◆ **Exercise brief**
Return every line from the one with "eigcoef a (i%:Z - (p./2)%:Z - (j%:Z" through the one with "End DiscriminantEquation.", inclusive, exactly as it appears below.

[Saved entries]
========================================================================
Lemma cmv_entry_shift_sum n m : cmv_entry a (n - p%:Z) m + cmv_entry a (n + p%:Z) m =
  cmv_entry a n (m + p%:Z) + cmv_entry a n (m - p%:Z).
Proof.
have := congr1 (fun F => F n) (shift_sum_cmv (zdelta m)); rewrite /shift_sum /= => ->.
rewrite /cmv_entry -[cmv a (zdelta _) n]mul1r -cmv_linear; congr (cmv a _ n).
apply: boolp.funext => x.
have addr_eq (y z w : int) : (y + w == z) = (y == z - w) by rewrite -subr_eq opprK.
by rewrite mul1r /zdelta subr_eq addr_eq.
Qed.

Lemma cmv_entry_vanish r c : c <= r - 3 \/ (~~ zparity r /\ c = r - 2) -> cmv_entry a r c = 0.
Proof.
case=> [far | [r_even ->]]; last exact: cmv_entry_even_subn2.
by apply: cmv_entry_far; lia.
Qed.

Lemma cmv_entryDp n d : -2 <= d <= 1 \/ (d = 2 /\ ~~ zparity n) ->
  cmv_entry a (n + p%:Z) (n + p%:Z + d) = cmv_entry a n (n + d).
Proof.
move=> d_range.
have vanish r : r = n + p%:Z \/ r = n + p%:Z + p%:Z -> cmv_entry a r (r + d - 2 * p%:Z) = 0.
  move=> r_cases; apply: cmv_entry_vanish.
  have [d_le1 | [-> n_even]] := d_range; first by left; lia.
  have [p2|p_ge4] : p = 2%N \/ (4 <= p)%N by lia.
    right; split; last lia.
    by case: r_cases => ->; rewrite !zparityD_even // p2.
  by left; lia.
have := cmv_entry_shift_sum (n + p%:Z) (n + d).
rewrite addrK [X in _ + X = _](_ : _ = 0); last first.
  by rewrite -[X in _ = X](vanish (n + p%:Z + p%:Z)); [congr cmv_entry; lia | right].
rewrite [X in _ = _ + X](_ : _ = 0); last first.
  by rewrite -[X in _ = X](vanish (n + p%:Z)); [congr cmv_entry; lia | left].
by rewrite !addr0 addrAC.
Qed.

Lemma coeffs_periodic : periodic p a.
Proof.
move=> k; apply: (coeffs_shift_of_entries a_disk a_disk) => [|n n_even|n|n|n];
  rewrite ?cmv_entryDp //; [by right | by left..].
Qed.

Lemma disc_poly_eq : disc_poly p a = disc_poly p a0.
Proof.
apply/polyP => i; have [ip|pi] := leqP i p; last first.
  by rewrite !nth_default // (leq_trans (size_disc_poly _ _)).
have pick (c : nat -> C) : \sum_(j < p.+1) c j *
    eigcoef a (i%:Z - (p./2)%:Z - (j%:Z - (p./2)%:Z)) 0 = c i.
  rewrite (bigD1 (Ordinal (ip : (i < p.+1)%N))) //= big1 => [|j ji].
    by rewrite eigcoef0 subrr /zdelta eqxx mulr1 addr0.
  rewrite eigcoef0 /zdelta ifN ?mulr0 //.
  by apply: contra ji => /eqP ji0; apply/eqP/val_inj => /=; lia.
have := congr1 (fun F => F (eigcoef a (i%:Z - (p./2)%:Z)) 0) disc_shift.
rewrite /= disc_apply_eigcoef // /shift_sum (eigcoef_floquet a_disk p_even coeffs_periodic).
by rewrite !pick => ->.
Qed.

End DiscriminantEquation.

Theorem theorem4p1 (R : realType) (p : nat) (alpha0 alpha : int -> R[i]) :
  (0 < p)%N -> ~~ odd p ->
  is_cmv_coeffs alpha0 -> periodic p alpha0 ->
  is_cmv_coeffs alpha ->
  (disc_apply p alpha0 alpha = shift_sum p <-> in_iso_torus p alpha0 (cmv alpha)).
Proof.
move=> p_gt0 p_even _ _ alpha_disk.
split=> [disc_shift | [beta [beta_disk beta_per cmvE discE]]].
  exists alpha; split=> //; first exact: coeffs_periodic disc_shift.
  exact: disc_poly_eq disc_shift.
have -> : alpha = beta.
  apply: boolp.funext => k; rewrite -{1}[k]addr0.
  by apply: (coeffs_shift_of_entries alpha_disk beta_disk) => // n; rewrite addr0 /cmv_entry cmvE.
by rewrite -(disc_apply_periodic beta_disk p_gt0 p_even beta_per) /disc_apply discE.
Qed.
========================================================================
◆ **Output of the exercise**
    eigcoef a (i%:Z - (p./2)%:Z - (j%:Z - (p./2)%:Z)) 0 = c i.
  rewrite (bigD1 (Ordinal (ip : (i < p.+1)%N))) //= big1 => [|j ji].
    by rewrite eigcoef0 subrr /zdelta eqxx mulr1 addr0.
  rewrite eigcoef0 /zdelta ifN ?mulr0 //.
  by apply: contra ji => /eqP ji0; apply/eqP/val_inj => /=; lia.
have := congr1 (fun F => F (eigcoef a (i%:Z - (p./2)%:Z)) 0) disc_shift.
rewrite /= disc_apply_eigcoef // /shift_sum (eigcoef_floquet a_disk p_even coeffs_periodic).
by rewrite !pick => ->.
Qed.

End DiscriminantEquation.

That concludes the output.